Lucene with PlingStemmer

I’ve been recently working with Java Lucene and its Analyzers and for I project I worked on the client needed to use the Porter Stemmer algorithm. I used the SnowballAnalyzer, but unfortunately I found out that, as someone before me said, Porter stemmer works right on 90% of the cases, but when it fails, it fails hard! The example is the following: consider the words “organic”, “organ” and “organization” .. the three words haven’t a lot in common except of their prefix, thei do not mean the sameĀ  tihng… but for Porter (and for the Snowball Analyzer) they’re stemmed into “organ”.. in Lucene 3.1.x release there will be plenty new features allowing programmers to control and fine tune each stemming algorithm.

So, what can I do since I must use the 3.0.3 release?

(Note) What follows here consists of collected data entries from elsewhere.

(* Let $H$ be a self-adjoint complex $2\times2$ matrix and let $L_1,L_2,L_3$ be self-adjoint complex $2\times 2$ matrices, $L_j=\begin{pmatrix} l^{00}_j & l^{01}_j\\ \overline{l^{01}_j} & l^{11}_j\end{pmatrix}$ with $l^{00}_j,l^{11}_j\in\mathbb{R}$, $l^{01}_j\in\mathbb{C}$. Define the vectors $L^0,L^1,L^\delta,L^R,L^I\in\mathbb{R}^3$ by their coordinates $L^0_j=l^{00}_j$, $L^1_j=l^{11}_j$, $L^\delta_j=(l^{11}_j-l^{00}_j)/2$, $L^R_j=\mathrm{Re}\,l^{01}_j$, $L^I_j=\mathrm{Im}\,l^{01}_j$, $j=1,2,3$. Consider the stochastic differential equation for a complex process $w$, with $W=(1,w)$, \[ dw=i[w(HW)_0-(HW)_1]\,dt+\frac12\sum_{j=1}^3[w(L_j^*L_jW)_0-(L_j^*L_jW)_1]\,dt+\sum_{j=1}^3[w(L_jW)_0^2-(L_jW)_0(L_jW)_1]\,dt+\sum_{j=1}^3[(L_jW)_1-w(L_jW)_0]\,dY^j_t, \] where $Y=(Y^1,Y^2,Y^3)$ is a standard three-dimensional Wiener process, and its diffusion operator (generator) acting on functions $S(x,y)$, $w=x+iy$. (i) The second order part of this diffusion operator is isothermic, i.e. has the form $\omega(x,y)\big(\frac{\partial^2S}{\partial x^2}+\frac{\partial^2S}{\partial y^2}\big)$ with some positive function $\omega$, if and only if the vectors $L^\delta,L^R,L^I$ form an orthonormal basis of $\mathbb{R}^3$ up to a common constant multiplier. In this case the second order part coincides, up to a constant multiplier, with $(1+x^2+y^2)^2\big(\frac{\partial^2S}{\partial x^2}+\frac{\partial^2S}{\partial y^2}\big)$ (the Laplace–Beltrami operator of the sphere in stereographic coordinates). (ii) For $H=0$, the whole diffusion operator is isothermic (i.e. of the form in (i) with all first order terms vanishing) if and only if $L^\delta,L^R,L^I$ form an orthonormal basis of $\mathbb{R}^3$ up to a common constant multiplier and $L^0=-L^1$. Moreover, under these conditions this diffusion operator coincides with the diffusion operator of the same equation rewritten in terms of the innovation process $dB^j_t=dY^j_t-\langle L_j+L_j^*\rangle_W\,dt$ (with $B$ treated as a standard three-dimensional Wiener process).
   Context: For a vector $v\in\mathbb{C}^2$, $(v)_0,(v)_1$ denote its two coordinates; for a matrix $A$, $\langle A\rangle_W=(W,AW)/(W,W)$ with the standard Hermitian inner product. This SDE is the quantum filtering (Belavkin) equation for a qubit with Hamiltonian $H$ and coupling operators $L_j$, written in the projective coordinate $w=\chi_1/\chi_0$. *)

From HB Require Import structures.
From mathcomp Require Import all_boot all_order all_algebra.
From mathcomp Require Import complex.
Set Implicit Arguments. Unset Strict Implicit. Unset Printing Implicit Defensive.
Import Order.TTheory GRing.Theory Num.Theory.
Local Open Scope ring_scope.
Lemma vdot_split N1 N2 (u v : 'cV[R]_(N1 + N2)) :
  vdot u v = vdot (usubmx u) (usubmx v) + vdot (dsubmx u) (dsubmx v).
Proof. by rewrite -{1}(vsubmxK u) vdot_col_mx. Qed.

Lemma vdot_delta N (u : 'cV[R]_N) j : vdot u (delta_mx j 0) = u j 0.
Proof.
rewrite vdotE (bigD1 j) //= big1 => [|i ij]; first by rewrite !mxE !eqxx mulr1 addr0.
by rewrite !mxE (negbTE ij) mulr0.
Qed.

Lemma famdot0l k (d : 'I_k -> nat) (v : forall i, 'cV[R]_(d i)) :
  famdot (fun i => 0) v = 0.
Proof. by rewrite /famdot big1 // => i _; rewrite vdot0l. Qed.

Lemma famdot_const k N (w : 'I_k -> 'cV[R]_N) (e : 'cV[R]_N) :
  @famdot R k (fun _ => N) w (fun _ => e) = vdot (\sum_j w j) e.
Proof. by rewrite /famdot vdot_suml. Qed.

End InnerProduct.

Section ConeSeparation.
Variable R : realType.
Implicit Types N : nat.

Definition cone {N} (K : set 'cV[R]_N) :=
  (forall u v, K u -> K v -> K (u + v)) /\
  (forall t u, 0 < t -> K u -> K (t *: u)).

Definition properly_separated0 {N} (K : set 'cV[R]_N) :=
  exists l, (forall u, K u -> 0 <= vdot l u) /\ exists2 u, K u & 0 < vdot l u.

Lemma coneI N (K H : set 'cV[R]_N) : cone K -> cone H -> cone (K `&` H).
Proof.
move=> [KD KZ] [HD HZ]; split=> [u v [Ku Hu] [Kv Hv]|t u t0 [Ku Hu]].
  by split; [exact: KD | exact: HD].
by split; [exact: KZ | exact: HZ].
Qed.

Lemma cone_tail N (K : set 'cV[R]_(1 + N)) : cone K -> cone (dsubmx @` K).
Proof.
move=> [KD KZ]; split=> [_ _ [u Ku <-] [v Kv <-]|t _ t0 [u Ku <-]].
  by exists (u + v); [exact: KD | exact: linearD].
by exists (t *: u); [exact: KZ | exact: linearZ].
Qed.

Lemma properly_separated0_tail N (K : set 'cV[R]_(1 + N)) :
  properly_separated0 (dsubmx @` K) -> properly_separated0 K.
Proof.
move=> [l [l_ge0 [_ [u Ku <-] lu]]]; exists (col_mx 0 l); split.
  by move=> v Kv; rewrite vdot_col_mx vdot0l add0r; apply: l_ge0; exists v.
by exists u => //; rewrite vdot_col_mx vdot0l add0r.
Qed.

Definition vhead {N} (u : 'cV[R]_(1 + N)) : R := usubmx u 0 0.

Lemma vheadD N (u v : 'cV[R]_(1 + N)) : vhead (u + v) = vhead u + vhead v.
Proof. by rewrite /vhead linearD mxE. Qed.

Lemma vheadZ N a (u : 'cV[R]_(1 + N)) : vhead (a *: u) = a * vhead u.
Proof. by rewrite /vhead linearZ mxE. Qed.

Lemma vheadK N (u : 'cV[R]_(1 + N)) : col_mx (vhead u)%:M (dsubmx u) = u.
Proof. by rewrite /vhead -mx11_scalar vsubmxK. Qed.

Lemma vhead_eq0 N (u : 'cV[R]_(1 + N)) : vhead u = 0 -> dsubmx u = 0 -> u = 0.
Proof. by move=> u0 tu0; rewrite -(vheadK u) u0 tu0 raddf0 col_mx0. Qed.

Lemma vdot_head N a (b : 'cV[R]_N) (v : 'cV[R]_(1 + N)) :
  vdot (col_mx a%:M b) v = a * vhead v + vdot b (dsubmx v).
Proof. by rewrite vdot_col_mx vdotE big_ord1 mxE eqxx mulr1n. Qed.

Lemma cone_head_le0 N : cone [set u : 'cV[R]_(1 + N) | vhead u <= 0].
Proof.
split=> [u v /= hu hv|t u t0 /= hu]; first by rewrite vheadD; lra.
by rewrite vheadZ pmulr_rle0.
Qed.

Lemma cone_axis_head_pos N (K : set 'cV[R]_(1 + N)) u0 u :
  cone K -> ~ K 0 -> K u0 -> dsubmx u0 = 0 -> 0 < vhead u0 ->
  K u -> dsubmx u = 0 -> 0 < vhead u.
Proof.
move=> [KD KZ] K0 Ku0 tu0 hu0 Ku tu.
case: (ltgtP (vhead u) 0) => // [hu|/vhead_eq0/(_ tu) u_eq0]; last by case: K0; rewrite -u_eq0.
case: K0; have -> : 0 = vhead u0 *: u + (- vhead u) *: u0.
  apply/esym/vhead_eq0; first by rewrite vheadD !vheadZ mulNr mulrC addrN.
  by rewrite linearD !linearZ /= tu0 tu !scaler0 addr0.
by apply: KD; apply: KZ; rewrite ?oppr_gt0.
Qed.

Definition flip_head {N} (v : 'cV[R]_(1 + N)) : 'cV[R]_(1 + N) :=
  col_mx (- usubmx v) (dsubmx v).
(* If $p$ is a linear groupoid term containing variables of all four colors $\alpha,\beta,\gamma,1$, then there is a term $q$ such that $p=q$ belongs to $\Sigma$ and $q$ has a subterm of the form $((xy)v)(zt)$ or $(u(yx))(zt)$, where $x,y,z,t,u$ are variables and $v$ is a term.
   Context: $\Sigma$ is the set of groupoid identities satisfied by each of the four operations $x+y$, $x-y$, $-x+y$, $-x-y$ in every abelian group. A term is linear if no variable occurs in it more than once. Let $\mathbf{KL}=\{1,\alpha,\beta,\gamma\}$ be the Klein 4-group ($\alpha^2=\beta^2=1$, $\alpha\beta=\gamma$). The color of a variable occurrence in a term is the element of $\mathbf{KL}$ obtained by following the path from the whole term down to that occurrence, starting with $1$ and multiplying by $\alpha$ each time one passes to the left factor of a product and by $\beta$ each time one passes to the right factor. *)

From HB Require Import structures.
From mathcomp Require Import all_boot all_algebra.
Set Implicit Arguments. Unset Strict Implicit. Unset Printing Implicit Defensive.
Import GRing.Theory.
Local Open Scope ring_scope.

Inductive term : Type :=
| Var : nat -> term
| Mul : term -> term -> term.

Fixpoint vars (t : term) : seq nat :=
  match t with
  | Var n => [:: n]
  | Mul a b => vars a ++ vars b
  end.

Definition linear_term (t : term) : bool := uniq (vars t).

Fixpoint eval_term (G : Type) (op : G -> G -> G) (e : nat -> G) (t : term) : G :=
  match t with
  | Var n => e n
  | Mul a b => op (eval_term op e a) (eval_term op e b)
  end.

Definition op1 (G : zmodType) (x y : G) : G := x + y.
Definition op2 (G : zmodType) (x y : G) : G := x - y.
Definition op3 (G : zmodType) (x y : G) : G := - x + y.
Definition op4 (G : zmodType) (x y : G) : G := - x - y.

Definition holds_in (G : Type) (op : G -> G -> G) (p q : term) : Prop :=
  forall e : nat -> G, eval_term op e p = eval_term op e q.

Definition Sigma (p q : term) : Prop :=
  forall G : zmodType,
    holds_in (@op1 G) p q /\ holds_in (@op2 G) p q /\
    holds_in (@op3 G) p q /\ holds_in (@op4 G) p q.

Inductive KL : Type := K1 | Kalpha | Kbeta | Kgamma.
Scheme Equality for KL.
HB.instance Definition _ := hasDecEq.Build KL (fun x y => iffP idP (@internal_KL_dec_bl x y) (@internal_KL_dec_lb x y)).

Definition KLmul (a b : KL) : KL :=
  match a, b with
  | K1, x | x, K1 => x
  | Kalpha, Kalpha | Kbeta, Kbeta | Kgamma, Kgamma => K1
  | Kalpha, Kbeta | Kbeta, Kalpha => Kgamma
  | Kalpha, Kgamma | Kgamma, Kalpha => Kbeta
  | Kbeta, Kgamma | Kgamma, Kbeta => Kalpha
  end.

(* Colored variable occurrences: the color is obtained along the path from the
   root, starting with 1, multiplying by alpha when passing to a left factor
   and by beta when passing to a right factor. *)
Fixpoint colored_occ (c : KL) (t : term) : seq (nat * KL) :=
  match t with
  | Var n => [:: (n, c)]
  | Mul a b => colored_occ (KLmul c Kalpha) a ++ colored_occ (KLmul c Kbeta) b
  end.

Definition has_color (t : term) (k : KL) : Prop :=
  exists n, (n, k) \in colored_occ K1 t.

Inductive subterm : term -> term -> Prop :=
| sub_refl t : subterm t t
| sub_l s a b : subterm s a -> subterm s (Mul a b)
| sub_r s a b : subterm s b -> subterm s (Mul a b).

From mathcomp Require Import all_boot all_algebra.
From mathcomp Require Import zify.
Set Implicit Arguments. Unset Strict Implicit. Unset Printing Implicit Defensive.
(* Let $G$ be a connected graph on at least two vertices, and let $b(G)$ denote its number of blocks. Then \[ \operatorname{cdim}(G)\geq\frac{b(G)+1}{2}. \]
   Context: All graphs are finite, simple, undirected and nonempty. A block of a graph is a maximal connected subgraph that has no cut vertex of its own (so each block of a connected graph with at least two vertices is either a bridge $K_2$ or a maximal $2$-connected subgraph). For distinct vertices $v,w$, $\kappa(v,w)$ is the maximum number of internally vertex-disjoint $v$–$w$ paths (an edge $vw$ counts as one such path); $\kappa(v,v)=\infty$. For an ordered vertex set $W=(w_1,\ldots,w_k)$, $r_G(v,W)=[\kappa(v,w_1),\ldots,\kappa(v,w_k)]$. $W$ is resolving if $r_G(v_1,W)=r_G(v_2,W)$ implies $v_1=v_2$. The connectivity dimension $\operatorname{cdim}(G)$ is the minimum cardinality of a resolving set. *)

From HB Require Import structures.
From mathcomp Require Import all_boot all_order all_algebra.
From Stdlib Require Import ClassicalDescription.
Set Implicit Arguments. Unset Strict Implicit. Unset Printing Implicit Defensive.

(* A graph is a relation e on a finite vertex type T; the theorem assumes
   it symmetric and irreflexive (finite simple undirected graph). *)

Definition pb (P : Prop) : bool :=
  if excluded_middle_informative P then true else false.

Section Graph.
Variables (T : finType) (e : rel T).

Definition vw_path (v w : T) (p : seq T) : bool :=
  path e v (rcons p w) && uniq (v :: rcons p w).

Definition disjoint_vw_paths (v w : T) (F : seq (seq T)) : bool :=
  [&& all (vw_path v w) F, uniq F & uniq (flatten F)].

(* kappa v w : None encodes infinity (v = w); otherwise the maximum number
   of internally vertex-disjoint v-w paths.  Such a family has at most
   #|T| - 1 members, so the bound #|T|.+2 on the search range is harmless. *)
Definition kappa (v w : T) : option nat :=
  if v == w then None
  else Some (\max_(k < #|T|.+2 |
               pb (exists F, disjoint_vw_paths v w F /\ size F = k)) (k : nat)).

Definition resolving (W : {set T}) : bool :=
  [forall v1, forall v2,
     [forall w in W, kappa v1 w == kappa v2 w] ==> (v1 == v2)].

Definition cdim : nat :=
  \big[minn/#|T|]_(W : {set T} | resolving W) #|W|.

Definition restr (B : {set T}) : rel T :=
  [rel x y | [&& e x y, x \in B & y \in B]].

Definition connected_in (B : {set T}) : bool :=
  [forall x in B, forall y in B, connect (restr B) x y].

Definition blocklike (B : {set T}) : bool :=
  connected_in B && [forall v in B, connected_in (B :\ v)].

Definition blocks : {set {set T}} := [set B | maxset blocklike B].

Definition nblocks : nat := #|blocks|.

End Graph.
(* The set $\mathcal{B}_{2,3,4}$ consisting of the identities (M1) $(xy)(zt)=(xz)(yt)$, (M2) $(xy)(zt)=(ty)(zx)$, (M3) $((xy)z)t=((xt)z)y$, (M4) $(x(yz))t=(x(tz))y$, (M5) $x((yz)t)=z((yx)t)$, (M6) $x(y(zt))=z(y(xt))$, and $(xy^2)y^2=x$ is a basis for $\Sigma_{2,3,4}$.
   Context: $y^2$ denotes $yy$. $\Sigma_{2,3,4}$ is the set of groupoid identities satisfied in the integers $\mathbb{Z}$ by each of the binary operations $x-y$, $-x+y$ and $-x-y$. A basis is a set of identities whose equational consequences are exactly $\Sigma_{2,3,4}$. *)

From Stdlib Require Import ZArith List.
Import ListNotations.
Open Scope Z_scope.

Inductive term : Type :=
| Var : nat -> term
| Op : term -> term -> term.

Fixpoint eval (f : Z -> Z -> Z) (v : nat -> Z) (t : term) : Z :=
  match t with
  | Var n => v n
  | Op a b => f (eval f v a) (eval f v b)
  end.

Definition holds_in (f : Z -> Z -> Z) (s t : term) : Prop :=
  forall v : nat -> Z, eval f v s = eval f v t.

Definition op1 (a b : Z) : Z := a - b.
Definition op2 (a b : Z) : Z := - a + b.
Definition op3 (a b : Z) : Z := - a - b.

Definition Sigma234 (s t : term) : Prop :=
  holds_in op1 s t /\ holds_in op2 s t /\ holds_in op3 s t.

Fixpoint subst (sg : nat -> term) (t : term) : term :=
  match t with
  | Var n => sg n
  | Op a b => Op (subst sg a) (subst sg b)
  end.

Inductive consequence (E : term -> term -> Prop) : term -> term -> Prop :=
| cons_ax : forall s t sg, E s t -> consequence E (subst sg s) (subst sg t)
| cons_refl : forall t, consequence E t t
| cons_sym : forall s t, consequence E s t -> consequence E t s
| cons_trans : forall s t u,
    consequence E s t -> consequence E t u -> consequence E s u
| cons_cong : forall s1 t1 s2 t2,
    consequence E s1 t1 -> consequence E s2 t2 ->
    consequence E (Op s1 s2) (Op t1 t2).

Definition is_basis (E T : term -> term -> Prop) : Prop :=
  forall s t, consequence E s t <-> T s t.

Definition x := Var 0.
Definition y := Var 1.
Definition z := Var 2.
Definition t := Var 3.

Definition B234_list : list (term * term) :=
  [ (Op (Op x y) (Op z t), Op (Op x z) (Op y t));
    (Op (Op x y) (Op z t), Op (Op t y) (Op z x));
    (Op (Op (Op x y) z) t, Op (Op (Op x t) z) y);
    (Op (Op x (Op y z)) t, Op (Op x (Op t z)) y);
    (Op x (Op (Op y z) t), Op z (Op (Op y x) t));
    (Op x (Op y (Op z t)), Op z (Op y (Op x t)));
    (Op (Op x (Op y y)) (Op y y), x) ].

Definition B234 (s u : term) : Prop := In (s, u) B234_list.

From Stdlib Require Import ZArith List Lia Setoid Morphisms Bool Wf_nat.
Import ListNotations.
Open Scope Z_scope.

(* The identities hold in (Z, x-y), (Z, -x+y) and (Z, -x-y), which gives soundness.
   For completeness, look at the right translations u ↦ (u a) b. By M3 they commute,
   and by (x y²) y² = x the translation by (b³, a³), where c³ = (c c) c, inverts the
   one by (a, b). Using M1-M6, every term equals x moved by a word in three generating
   translations per variable, and by commutativity the term only depends on the
   exponent of each generator. In each of the three groupoids a translation adds a
   constant to the value; for a valuation supported on a single variable, the three
   groupoids give three independent linear equations for the three exponents of that
   variable. So terms that are equal in all three groupoids have equal exponents,
   hence are derivably equal. *)

Infix "·" := Op (at level 40, left associativity).
Notation "a ≈ b" := (consequence B234 a b) (at level 70).
Notation cube a := (a · a · a).
Notation x3 := (cube x).

#[global] Instance consequence_Equivalence : Equivalence (consequence B234).
Proof.
  split.
  - exact (cons_refl B234).
  - exact (cons_sym B234).
  - exact (cons_trans B234).
Qed.

#[global] Instance Op_Proper :
  Proper (consequence B234 ==> consequence B234 ==> consequence B234) Op.
Proof. intros a a' Ha b b' Hb. exact (cons_cong B234 _ _ _ _ Ha Hb). Qed.

Definition subst4 (a b c d : term) (n : nat) : term :=
  match n with 0%nat => a | 1%nat => b | 2%nat => c | _ => d end.

Ltac B234_instance l r a b c d :=
  apply (cons_ax B234 l r (subst4 a b c d));
  cbv [B234 B234_list In]; repeat (first [left; reflexivity | right]).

Well.. I created a new PlingStemmerFilter using YAGO java Pling stemmer implementation following instructions found here.

Here you can find only the PlingStemmerFilter class, which uses the classes PlingStemmer, FinalMap and FinalSet from the YAGO package (you can download the full package from YAGO javatools webpage).

Here is my Java Class for Lucene:

import java.io.IOException;
import org.apache.lucene.analysis.TokenFilter;
import org.apache.lucene.analysis.TokenStream;
import org.apache.lucene.analysis.tokenattributes.TermAttribute;

/**
 *
 * @author thePanz@gmail.com
 */
public final class PlingStemFilter extends TokenFilter {
 private TermAttribute termAtt;

 public PlingStemFilter(TokenStream in) {
  super(in);
  termAtt = addAttribute(TermAttribute.class);
 }

 @Override
 public final boolean incrementToken() throws IOException {
   if (!input.incrementToken())
     return false;

   String stemmed = PlingStemmer.stem(termAtt.term());
   if (!stemmed.isEmpty()) {
     termAtt.setTermBuffer(stemmed);
   }

   return true;
   }
 }

That’s it! Copy and paste the above source code into PlingStemFilter.java and you’re done. This filter can be used like all other Lucene filters.